Janet Albrechtsen has a piece in Wednesday’s Australian concerning the proposed Voice to Parliament and constitutional recognition of Indigenous Australians. She rightly opposes the inclusion of the Voice itself in the Constitution:
The question is this: does parliament remain sovereign in Australia, or will there be a co-equal voice that is immune from abolition by parliament? In other words, if the voice becomes corrupt or ineffective like its predecessor, ATSIC, or if it is simply no longer necessary or appropriate, can parliament get rid of it? Not just modify, improve or suspend – but to abolish it and possibly without replacing the voice?
She goes on to say:
Australians might even happily live with the insertion of a facilitative power in the Constitution that authorises the parliament to legislate for the voice and enables it to amend or abolish the voice, with or without a replacement. That seems an elegant compromise. It gives the voice constitutional recognition while not compromising parliamentary sovereignty or establishing a two-tier society divided on racial lines.
Such a power already exists. It’s called Section 51 (xxvi):
The Parliament shall, subject to this constitution, have power to make laws for the peace, order and good government of the Commonwealth with respect to … the people of any race for whom it is deemed necessary to make special laws.
This provision is the result of the much applauded (at the time) 1967 referendum. It was specifically aimed at addressing the disadvantage suffered by Indigenous Australians.
However, today’s activists don’t want to be merely members of just any race.
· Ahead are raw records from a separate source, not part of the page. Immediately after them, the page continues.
Lemma pow_unit_interval (r : R) (d : nat) : 0 <= r <= 1 -> 0 <= r ^ d <= 1.
Proof. move=> Hr; rewrite -(pow1 d); split; [apply: pow_le | apply: pow_incr]; lra. Qed.

Lemma bernoulli_lower (r : R) (j : nat) : 0 <= r <= 1 -> r ^ j >= 1 - INR j * (1 - r).
Proof.
move=> Hr; elim: j => [|j IH]; first by rewrite /=; lra.
rewrite S_INR /=.
have := Rmult_le_pos _ _ (pos_INR j) (pow2_ge_0 (1 - r)); rewrite /=; nra.
Qed.

Fixpoint geom (r : R) (j : nat) : R :=
  match j with O => 0 | S j => geom r j + r ^ j end.

Lemma geom_closed (r : R) (j : nat) : (1 - r) * geom r j = 1 - r ^ j.
Proof. by elim: j => [|j IH] /=; [ring | rewrite Rmult_plus_distr_l IH; ring]. Qed.

(* For r close to 1 (j^2 (1-r) <= 1/2), the geometric sum exceeds the chord
   average j (1 + r^j)/2 by at least j (1-r)/4: this excess is the bias that
   survives averaging an order with its reversal. *)
Lemma geom_excess (r : R) (j : nat) : 0 <= r <= 1 ->
  INR j * INR j * (1 - r) <= 1/2 ->
  geom r j - INR j * (1 + r ^ j) / 2 >= INR j * (1 - r) / 4.
Proof.
move=> Hr; elim: j => [|j IH]; first by rewrite /=; lra.
rewrite S_INR => Hj.
have hj := pos_INR j.
have IH' : geom r j - INR j * (1 + r ^ j) / 2 >= INR j * (1 - r) / 4 by apply: IH; nra.
have hb := bernoulli_lower j Hr.
change (geom r j.+1) with (geom r j + r ^ j); change (r ^ j.+1) with (r * r ^ j).
have Hj' : INR j * (INR j + 1) * (1 - r) <= 1/2 by nra.
have : (r ^ j - (1 - INR j * (1 - r))) * (1 + (INR j + 1) * (1 - r)) >= 0.
  apply: Rle_ge; apply: Rmult_le_pos; nra.
nra.
Qed.

Section EpochAlgebra.

Variables (m : nat) (r v : R).

Definition rr_step (y : R) (i : nat) : R := if (i < m)%N then y - v else r * y + v.

Definition n_contract (l : seq nat) : nat := count (fun i => m <= i)%N l.
Definition n_shift (l : seq nat) : nat := count (fun i => i < m)%N l.

Definition offset (l : seq nat) : R := foldl rr_step 0 l.

Lemma rr_steps_affine (l : seq nat) (x : R) :
  foldl rr_step x l = r ^ n_contract l * x + offset l.
Proof.
rewrite /offset; elim: l x => [|i l IH] x /=; first ring.
rewrite IH [in RHS]IH /rr_step /n_contract /=.
by case: ltnP => _ /=; rewrite ?add0n ?add1n /=; ring.
Qed.

(* The extra weight r^d on the
   reversed offset accounts for contractions performed after the prefix, which
   makes the statement amenable to induction; d = 0 is the case of interest. *)
Lemma offset_reversal (l : seq nat) (d : nat) : 0 <= v -> 0 <= r <= 1 ->
  offset l + r ^ d * offset (rev l) >=
  v * ((1 + r ^ d) * geom r (n_contract l)
       - INR (n_shift l) * (1 + r ^ (n_contract l + d))).
Proof.
move=> Hv Hr; elim: l d => [|i l IH] d; first by rewrite /offset /n_contract /n_shift /=; lra.
have Efront : offset (i :: l) = r ^ n_contract l * rr_step 0 i + offset l.
  by rewrite /offset /= rr_steps_affine.
have Eback : offset (rev (i :: l)) = rr_step (offset (rev l)) i.
  by rewrite /offset rev_cons -cats1 foldl_cat.
rewrite Efront Eback.
have hc := pow_unit_interval (n_contract l) Hr; have hd := pow_unit_interval d Hr.
case: (ltnP i m) => Hi.
- have -> : n_contract (i :: l) = n_contract l by rewrite /n_contract /= leqNgt Hi.
  have -> : n_shift (i :: l) = (n_shift l).+1 by rewrite /n_shift /= Hi.
  rewrite /rr_step Hi S_INR; have := IH d; rewrite !pow_add.
  have : r ^ n_contract l + r ^ d <= 1 + r ^ n_contract l * r ^ d by nra.
  nra.
- have -> : n_contract (i :: l) = (n_contract l).+1 by rewrite /n_contract /= Hi.
  have -> : n_shift (i :: l) = n_shift l by rewrite /n_shift /= ltnNge Hi.
  rewrite /rr_step ltnNge Hi /=; have := IH d.+1; rewrite addnS /= !pow_add.
  have := geom_closed r (n_contract l); nra.
Qed.

Lemma balanced_pair (l : seq nat) (x y : R) : 0 <= v -> 0 <= r <= 1 ->
  n_contract l = m -> n_shift l = m -> INR m * INR m * (1 - r) <= 1/2 ->
  foldl rr_step x l + foldl rr_step y (rev l) >= r ^ m * (x + y) + v / 2 * (1 - r ^ m).
Proof.
move=> Hv Hr Hc Hs Hm.
have Hc' : n_contract (rev l) = m by rewrite /n_contract count_rev.
rewrite !rr_steps_affine Hc Hc'.
have := offset_reversal l 0 Hv Hr; rewrite Hc Hs addn0 /= Rmult_1_l.
have := geom_excess Hr Hm; have := bernoulli_lower m Hr.
have hm := pos_INR m.
nra.
Qed.

End EpochAlgebra.

Definition rev_perm (n : nat) : 'S_n := perm (@rev_ord_inj n).

Definition perm_values (n : nat) (p : 'S_n) : seq nat :=
  map (fun j => nat_of_ord (p j)) (enum 'I_n).

Lemma map_rev_ord (n : nat) : map (@rev_ord n) (enum 'I_n) = rev (enum 'I_n).
Proof.
apply: (inj_map val_inj); rewrite map_rev -map_comp.
rewrite (eq_map (_ : val \o @rev_ord n =1 (fun i => n - i.+1)%N \o val)) //.
rewrite map_comp val_enum_ord.
apply: (@eq_from_nth _ 0%N); rewrite ?size_map ?size_rev ?size_iota // => i Hi.
rewrite (nth_map 0%N) ?size_iota // nth_rev ?size_iota // !nth_iota //.
by rewrite ltn_subrL (leq_ltn_trans _ Hi).
Qed.

Lemma rev_perm_values (n : nat) (p : 'S_n) :
  perm_values (rev_perm n * p)%g = rev (perm_values p).
Proof.
rewrite /perm_values -map_rev -map_rev_ord -[in RHS]map_comp.
by apply: eq_map => j /=; rewrite permM permE.
Qed.

Lemma rev_permK (n : nat) (p : 'S_n) : (rev_perm n * (rev_perm n * p))%g = p.
Proof. by apply/permP => j; rewrite !permM !permE rev_ordK. Qed.

Lemma perm_values_iota (n : nat) (p : 'S_n) : perm_eq (perm_values p) (iota 0 n).
Proof.
rewrite /perm_values -val_enum_ord (map_comp val p); apply: perm_map.
rewrite -codomE; apply: uniq_perm; rewrite ?enum_uniq //.
  by rewrite codomE (map_inj_uniq perm_inj) enum_uniq.
by move=> j; rewrite perm_onto mem_enum.
Qed.

Lemma perm_values_counts (m : nat) (p : 'S_(m + m)) :
  n_contract m (perm_values p) = m /\ n_shift m (perm_values p) = m.
Proof.
have Hp := perm_values_iota p.
have Hshift : n_shift m (perm_values p) = m.
  rewrite /n_shift (seq.permP Hp) -size_filter.
  have := filter_iota_ltn 0 (leq_addr m m); rewrite add0n => ->; by rewrite size_iota.
split=> //.
have Hsum := count_predC (fun i => i < m)%N (perm_values p).
rewrite size_map size_enum_ord -/(n_shift m _) Hshift in Hsum.
have -> : n_contract m (perm_values p) = count (predC (fun i => i < m)%N) (perm_values p).
  by apply: eq_count => i /=; rewrite leqNgt.
exact: (addnI Hsum).
Qed.

Section HardInstance.

Variables (m : nat) (lam G : R).

Definition hard_a : nat -> R := fun i => if (i < m)%N then 0 else lam.
Definition hard_b : nat -> R := fun i => if (i < m)%N then G / 2 else - (G / 2).

(* The linear terms cancel in the average: F(x) = lam/2 x^2. *)
Lemma hard_objective (x : R) : (0 < m)%N ->
  Fobj (m + m) hard_a hard_b x = lam / 2 * x * x.
Proof.
move=> Hm.
rewrite /Fobj /sumR -/(sumL (iota 0 (m + m)) _) iotaD sumL_cat add0n.
rewrite (@sumL_const_in _ (iota 0 m) _ (G / 2 * x)); last first.
  by move=> i; rewrite mem_iota add0n => /andP[_ Hi]; rewrite /fq /hard_a /hard_b Hi; ring.
rewrite (@sumL_const_in _ (iota m m) _ (lam * x * x - G / 2 * x)); last first.
  by move=> i; rewrite mem_iota => /andP[Hi _]; rewrite /fq /hard_a /hard_b ltnNge Hi /=; ring.
have : 0 < INR m by apply: lt_0_INR; apply/ltP.
rewrite !size_iota plus_INR => Hm'; field; lra.
Qed.

(* The instance satisfies Assumption (A) with x* = 0 and x0 = 1; the gradient
   bound on [-1,1] is where G >= 4 lam is used. *)
Lemma hard_assumptionA : (0 < m)%N -> 0 < lam -> G >= 4 * lam ->
  assumptionA (m + m) lam G hard_a hard_b 0 1.
Proof.
move=> Hm Hlam HG.
have HF := hard_objective^~ Hm.
split; first exact: (leq_add Hm Hm).
split; first done; split; first lra.
split; first by move=> i _; rewrite /hard_a; case: ifP => _; lra.
split; first by move=> x y t _; rewrite !HF; apply: Req_le; ring.
split.
  move=> y Hy; rewrite !HF.
  by have := Rsqr_pos_lt y Hy; rewrite /Rsqr; nra.
split.
  exists (2 * lam); split; first lra.
  move=> i _ x y; rewrite /gq /hard_a /hard_b; case: ifP => _.
    have -> : 2 * 0 * x + G / 2 - (2 * 0 * y + G / 2) = 0 by ring.
    by rewrite Rabs_R0; have := Rabs_pos (x - y); nra.
  have -> : 2 * lam * x + - (G / 2) - (2 * lam * y + - (G / 2)) = 2 * lam * (x - y) by ring.
  by rewrite Rabs_mult (Rabs_pos_eq (2 * lam)); lra.
split.
  move=> i _ x; rewrite Rminus_0_r => Hx.
  have Hx1 := Rle_abs x; have := Rle_abs (- x); rewrite Rabs_Ropp => Hx2.
  by apply: Rabs_le; rewrite /gq /hard_a /hard_b; case: ifP => _; nra.
by rewrite Rminus_0_r Rabs_R1; lra.
Qed.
They would argue that the Voice is not based on their race but on their unique position as the original possessors of this continent. But the Voice is inextricably bound up with Section 51 (xxvi) because it is supposedly designed to inform legislation enacted under this provision.
Whilst a constitutionally enshrined Voice (a third chamber) is, as Albrechtsen points out, highly unlikely to gain the necessary support, constitutional recognition, which she apparently supports, is not merely a benign and overdue acknowledgement of the original inhabitants in our foundational document.
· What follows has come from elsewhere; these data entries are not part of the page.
Lemma tensD4 x y z w w' : tens T x y z (w + w') = tens T x y z w + tens T x y z w'.
Proof.
rewrite /tens -big_split; apply: eq_bigr => i _; rewrite -big_split; apply: eq_bigr => j _.
rewrite -big_split; apply: eq_bigr => k _; rewrite -big_split; apply: eq_bigr => l _.
by rewrite mxE mulrDr !mulrDl.
Qed.

Lemma tensZ1 a x y z w : tens T (a *: x) y z w = a * tens T x y z w.
Proof.
rewrite /tens mulr_sumr; apply: eq_bigr => i _; rewrite mulr_sumr; apply: eq_bigr => j _.
rewrite mulr_sumr; apply: eq_bigr => k _; rewrite mulr_sumr; apply: eq_bigr => l _.
by rewrite mxE; ring.
Qed.

Lemma tensZ4 a x y z w : tens T x y z (a *: w) = a * tens T x y z w.
Proof.
rewrite /tens mulr_sumr; apply: eq_bigr => i _; rewrite mulr_sumr; apply: eq_bigr => j _.
rewrite mulr_sumr; apply: eq_bigr => k _; rewrite mulr_sumr; apply: eq_bigr => l _.
by rewrite mxE; ring.
Qed.

Lemma tens_sum1 (F : 'I_m -> 'rV[R]_m) y z w :
  tens T (\sum_i F i) y z w = \sum_i tens T (F i) y z w.
Proof.
apply: (big_morph (fun u => tens T u y z w) (fun a b => tensD1 a b y z w)).
by rewrite -(scale0r 0) tensZ1 mul0r.
Qed.

Lemma tens_sum4 (F : 'I_m -> 'rV[R]_m) x y z :
  tens T x y z (\sum_i F i) = \sum_i tens T x y z (F i).
Proof.
apply: (big_morph (fun u => tens T x y z u) (tensD4 x y z)).
by rewrite -(scale0r 0) tensZ4 mul0r.
Qed.

Lemma ip_Jac (G : 'M[R]_m) : G \in unitmx ->
  forall x y w, ip G (y *m Jac G T x) w = tens T y x x w.
Proof.
move=> uG x y w.
have -> : Jac G T x =
    (\matrix_(i, l) tens T (delta_mx 0 i) x x (delta_mx 0 l)) *m invmx G.
  apply/row_matrixP => i; rewrite row_mul rowK /Rop; congr (_ *m _).
  by apply/rowP => l; rewrite !mxE.
rewrite /ip !mulmxA -(mulmxA _ (invmx G)) mulVmx // mulmx1.
rewrite {2}(row_sum_delta y) {2}(row_sum_delta w) tens_sum1 !mxE.
under eq_bigr => j _ do rewrite !mxE mulr_suml.
rewrite exchange_big; apply: eq_bigr => i _.
rewrite tensZ1 tens_sum4 mulr_sumr; apply: eq_bigr => j _.
by rewrite tensZ4 !mxE; ring.
Qed.

End Tensor.

Lemma mxrank_pred_kerP (F : fieldType) n (A : 'M[F]_n) (x : 'rV[F]_n) :
  x != 0 -> x *m A = 0 -> \rank A = n.-1 <-> (kermx A <= x)%MS.
Proof.
move=> x0 xA0; have xK : (x <= kermx A)%MS by apply/sub_kermxP.
have rkx : \rank x = 1%N by rewrite rank_rV x0.
have := mxrankS xK; have := mxrank_ker A; have := rank_leq_row A.
rewrite rkx; split=> [rkA | /mxrankS]; last by rewrite rkx; lia.
by case: (mxrank_leqif_sup xK) => _ <-; rewrite rkx; lia.
Qed.

Section CurvatureLikeForms.
Variables (R : realFieldType) (V : zmodType) (D : V -> V -> V -> V -> R).
Hypotheses (D_anti : forall x y z w, D x y z w = - D y x z w)
  (D_bianchi : forall x y z w, D x y z w + D y z x w + D z x y w = 0)
  (D_add2 : forall x y y' z w, D x (y + y') z w = D x y z w + D x y' z w)
  (D_add3 : forall x y z z' w, D x y (z + z') w = D x y z w + D x y z' w).

Lemma curvature_eq0_of_jacobi : (forall x y w, D y x x w = 0) ->
  forall x y z w, D x y z w = 0.
Proof.
move=> jac0.
have swap23 y b d w : D y b d w = - D y d b w.
  have := jac0 (b + d) y w; rewrite D_add2 !D_add3 !jac0; lra.
move=> x y z w; have := D_bianchi x y z w.
rewrite (swap23 y z x) (D_anti y x z) (D_anti z x y) (swap23 x z y); lra.
Qed.

End CurvatureLikeForms.

Lemma dense_setC1 (R : realFieldType) (V : normedModType R) (u p : V) :
  u != 0 -> dense (~` [set p]).
Proof.
move=> u0 O [q Oq] oO.
have [qp|qp] := eqVneq q p; last by exists q; split => //= /eqP; rewrite (negbTE qp).
pose f r := p + r *: u.
have oOf : open (f @^-1` O).
  apply: open_comp => // r _.
  by apply: cvgD; [exact: cvg_cst | exact: scalel_continuous].
have Of0 : (f @^-1` O) 0 by rewrite /f /= scale0r addr0 -qp.
have [r [Ofr /= r0]] := dense_set1C 0 (ex_intro _ 0 Of0) oOf.
exists (f r); split => //= /eqP; rewrite -subr_eq0 addrC addKr scaler_eq0.
by rewrite (negbTE u0) orbF; apply/negP/eqP.
Qed.

Section CurvatureTensor.
Variables (R : realType) (m : nat) (T : 'I_m -> 'I_m -> 'I_m -> 'I_m -> R).
Hypothesis HT : is_act T.
Implicit Types x y z w : 'rV[R]_m.
Local Notation t := (tens T).

Lemma tens_pair x y z w : t x y z w = t z w x y.
Proof. by case: (HT x y z w). Qed.
Lemma tens_anti12 x y z w : t x y z w = - t y x z w.
Proof. by case: (HT x y z w). Qed.
Lemma tens_bianchi x y z w : t x y z w + t y z x w + t z x y w = 0.
Proof. by case: (HT x y z w). Qed.
Lemma tens_anti34 x y z w : t x y z w = - t x y w z.
Proof. by rewrite tens_pair tens_anti12 tens_pair. Qed.
Lemma tens_xx x z w : t x x z w = 0.
Proof. by have := tens_anti12 x x z w; lra. Qed.
Lemma tens_jacobi_sym x y w : t y x x w = t w x x y.
Proof. by rewrite tens_pair tens_anti12 tens_anti34 opprK. Qed.

Lemma tensD2 x y y' z w : t x (y + y') z w = t x y z w + t x y' z w.
Proof. by rewrite tens_anti12 tensD1 opprD -!tens_anti12. Qed.
Lemma tensD3 x y z z' w : t x y (z + z') w = t x y z w + t x y z' w.
Proof. by rewrite tens_pair tensD1 (tens_pair z) (tens_pair z'). Qed.
Lemma tensZ2 a x y z w : t x (a *: y) z w = a * t x y z w.
Proof. by rewrite tens_anti12 tensZ1 -mulrN -tens_anti12. Qed.
Lemma tensZ3 a x y z w : t x y (a *: z) w = a * t x y z w.
Proof. by rewrite tens_pair tensZ1 (tens_pair z). Qed.

End CurvatureTensor.

Section JacobiOperator.
Variables (R : realType) (m : nat) (G : 'M[R]_m)
  (T : 'I_m -> 'I_m -> 'I_m -> 'I_m -> R).
Hypotheses (HG : pos_def_ip G) (HT : is_act T).
Implicit Types x y z w u v : 'rV[R]_m.
Local Notation "<< x , y >>" := (ip G x y).
Local Notation t := (tens T).
Local Notation J := (Jac G T).

Let ipS : forall x y, << x, y >> = << y, x >> := ipC HG.1.
Let ipJ : forall x y w, << y *m J x, w >> = t y x x w := ip_Jac T (unitmx_pos_def HG).

Lemma Jac_sym x u v : << u *m J x, v >> = << v *m J x, u >>.
Proof. by rewrite !ipJ (tens_jacobi_sym HT). Qed.

Lemma Jac_self x : x *m J x = 0.
Proof. by apply: (ip_ext HG) => w; rewrite ipJ ip0l (tens_xx HT). Qed.

Lemma JacZ a x : J (a *: x) = a ^+ 2 *: J x.
Proof.
apply/row_matrixP => i; rewrite !rowE -scalemxAr; apply: (ip_ext HG) => w.
by rewrite ipZl !ipJ (tensZ2 HT) (tensZ3 HT) expr2 mulrA.
Qed.

Lemma JacN x : J (- x) = J x.
Proof. by rewrite -scaleN1r JacZ sqrrN expr1n scale1r. Qed.

Lemma Jac0 : J 0 = 0.
Proof. by rewrite -(scale0r 0) JacZ expr0n scale0r. Qed.

Lemma Jac_addl_self x y : x *m J (x + y) = x *m J y - y *m J x.
Proof.
apply: (ip_ext HG) => w; rewrite ipBl !ipJ (tensD2 HT) !(tensD3 HT) !(tens_xx HT).
by rewrite (tens_anti12 HT x y x); ring.
Qed.

Definition const_curv_along c x :=
  forall y, y *m J x = c *: (<< x, x >> *: y - << y, x >> *: x).

Lemma tens_const_curv_along c x : const_curv_along c x ->
  forall y w, t y x x w = c * R0 G y x x w.
Proof. by move=> cx y w; rewrite -ipJ cx ipZl ipBl !ipZl. Qed.

Lemma kermx_Jac_const c x : c != 0 -> x != 0 -> const_curv_along c x ->
  (kermx (J x) <= x)%MS.
Proof.
move=> c0 x0 cx; apply/row_subP => i; set v := row i _.
have /sub_kermxP := row_sub i (kermx (J x)); rewrite -/v cx => /eqP.
rewrite scaler_eq0 (negbTE c0) subr_eq0 => /eqP xxv; apply/sub_rVP.
exists (<< v, x >> / << x, x >>).
by rewrite mulrC -scalerA -xxv scalerA mulVf ?scale1r ?(ip_neq0 HG).
Qed.

Lemma rank_Jac_const c x : c != 0 -> x != 0 -> const_curv_along c x ->
  \rank (J x) = m.-1.
Proof.
move=> c0 x0 cx; apply/(mxrank_pred_kerP x0 (Jac_self x)).
exact: kermx_Jac_const c0 x0 cx.
Qed.

Lemma tens_eq_R0 c : (forall x, const_curv_along c x) ->
  forall x y z w, t x y z w = c * R0 G x y z w.
Proof.
move=> cc x y z w; apply: subr0_eq.
apply: (curvature_eq0_of_jacobi (D := fun x y z w => t x y z w - c * R0 G x y z w)) => {x y z w}.
- by move=> x y z w; rewrite (tens_anti12 HT) /R0; ring.
- move=> x y z w; have := tens_bianchi HT x y z w.
  by rewrite /R0 (ipS z y) (ipS z x) (ipS y x); lra.
- by move=> x y y' z w; rewrite (tensD2 HT) /R0 !(ipDl, ipDr); ring.
- by move=> x y z z' w; rewrite (tensD3 HT) /R0 !(ipDl, ipDr); ring.
- by move=> x y w; rewrite (tens_const_curv_along (cc x)) subrr.
Qed.

Hypothesis HJT : jacobi_tsankov G T.

Lemma Jac_comm_orth x y v : << x, y >> = 0 -> v *m J x *m J y = v *m J y *m J x.
Proof. by move=> /HJT xy; rewrite -!mulmxA xy. Qed.

Lemma norm_Jac_swap e y : << e, e >> = << y, y >> ->
  << e *m J y, e *m J y >> = << y *m J e, y *m J e >>.
Proof.
move=> ey; set a := e *m J y; set b := y *m J e.
have orth : << e + y, e - y >> = 0 by rewrite ipDl !ipBr ey (ipS y e); ring.
have eP : e *m J (e + y) = a - b by rewrite Jac_addl_self.
have yP : y *m J (e + y) = b - a by rewrite addrC Jac_addl_self.
have eM : e *m J (e - y) = a + b by rewrite Jac_addl_self JacN mulNmx opprK.
have yM : y *m J (e - y) = a + b.
  apply: oppr_inj; rewrite -mulNmx (addrC e) Jac_addl_self JacN mulNmx.
  by rewrite opprD addrC.
have := congr1 (ip G ^~ y) (Jac_comm_orth e orth); rewrite /= eP eM.
rewrite (Jac_sym (e - y)) (Jac_sym (e + y)) yM yP.
by rewrite !(ipDl, ipDr, ipNl, ipNr) (ipS b a); lra.
Qed.

Lemma eigen_eq x u v p q : u *m J x = p *: u -> v *m J x = q *: v ->
  << u, v >> != 0 -> p = q.
Proof.
move=> up vq uv0; have := Jac_sym x u v.
by rewrite up vq !ipZl (ipS v u); apply: mulIf.
Qed.

Section UnitKernel.
Variable e : 'rV[R]_m.
Hypotheses (e1 : << e, e >> = 1) (ker_e : (kermx (J e) <= e)%MS).

Lemma ker_Jac_coord v : v *m J e = 0 -> v = << v, e >> *: e.
Proof.
move=> /sub_kermxP/submx_trans/(_ ker_e)/sub_rVP[k ->].
by rewrite ipZl e1 mulr1.
Qed.

Lemma Jac_orth_at_e y : << e, y >> = 0 -> e *m J y = t e y y e *: e.
Proof.
move=> ey; rewrite -ipJ; apply: ker_Jac_coord.
by rewrite -Jac_comm_orth // Jac_self mul0mx.
Qed.

Lemma Jac_orth_unit_eigen y : << e, y >> = 0 -> << y, y >> = 1 ->
  y *m J e = t e y y e *: y.
Proof.
move=> ey y1; have ys : << y *m J e, y >> = t e y y e by rewrite ipJ (tens_pair HT).
have := norm_Jac_swap (etrans e1 (esym y1)).
rewrite Jac_orth_at_e // ipZl ipZr e1 mulr1 => norm.
apply: subr0_eq; apply: (ip_eq0 HG).
by rewrite !(ipBl, ipBr, ipZl, ipZr) ys (ipS y) ys y1 -norm; ring.
Qed.

Lemma Jac_orth_eigen y : << e, y >> = 0 -> exists s, y *m J e = s *: y.
Proof.
move=> ey; have [->|y0] := eqVneq y 0; first by exists 0; rewrite mul0mx scaler0.
have [k [k0 ky1]] := ip_normalize HG y0.
have := Jac_orth_unit_eigen (y := k *: y); rewrite ipZr ey mulr0 => /(_ erefl ky1) hk.
exists (t e (k *: y) (k *: y) e); apply: (scalerI k0).
by rewrite scalemxAl hk !scalerA mulrC.
Qed.

Lemma const_curv_along_unit_ker : (2 < m)%N -> exists2 c, c != 0 & const_curv_along c e.
Proof.
move=> m_gt2; have [b [b1 eb _]] := exists_unit_orthogonal HG e e m_gt2.
have [c bc] := Jac_orth_eigen eb.
have scalar y : << e, y >> = 0 -> y *m J e = c *: y.
  move=> ey; have [->|y0] := eqVneq y 0; first by rewrite mul0mx scaler0.
  have [s ys] := Jac_orth_eigen ey; rewrite ys; congr (_ *: _).
  have [by0|by0] := eqVneq << b, y >> 0; last exact: esym (eigen_eq bc ys by0).
  have [s' bys] : exists s', (b + y) *m J e = s' *: (b + y).
    by apply: Jac_orth_eigen; rewrite ipDr eb ey addr0.
  rewrite (eigen_eq ys bys); last by rewrite ipDr (ipS y b) by0 add0r (ip_neq0 HG).
  by rewrite (eigen_eq bc bys) // ipDr b1 by0 addr0 oner_neq0.
have ce : const_curv_along c e.
  move=> y; rewrite e1 scale1r -scalar; last by rewrite ipBr ipZr e1 mulr1 (ipS e y) subrr.
  by rewrite mulmxBl -scalemxAl Jac_self scaler0 subr0.
exists c => //; apply: contraTneq m_gt2 => c0.
have Je0 : J e = 0 by apply/row_matrixP => i; rewrite row0 rowE ce c0 scale0r.
have := (mxrank_pred_kerP (ip1_neq0 e1) (Jac_self e)).2 ker_e.
by rewrite Je0 mxrank0; lia.
Qed.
The Australian Constitution is not an aspirational document.
It does not define who we are or what values we espouse or what our history comprises. It is a very prosaic document – its third item covers the salary of the Governor-General. It is effectively a power-sharing agreement between seven entities, the Commonwealth and the six original self-governing colonies which became states under its provenance.
If we are to specifically include another political entity, in this case a group which calls itself ‘our First Nations’ and acknowledges its own flag – even by virtue of some innocuous acknowledgement in a preamble (which does not actually exist) – then we are inviting them to demand their own slice of political power unavailable to other Australians, and giving future activist High Court justices the constitutional lever to accede to their demands.
Constitutional recognition is a Trojan horse.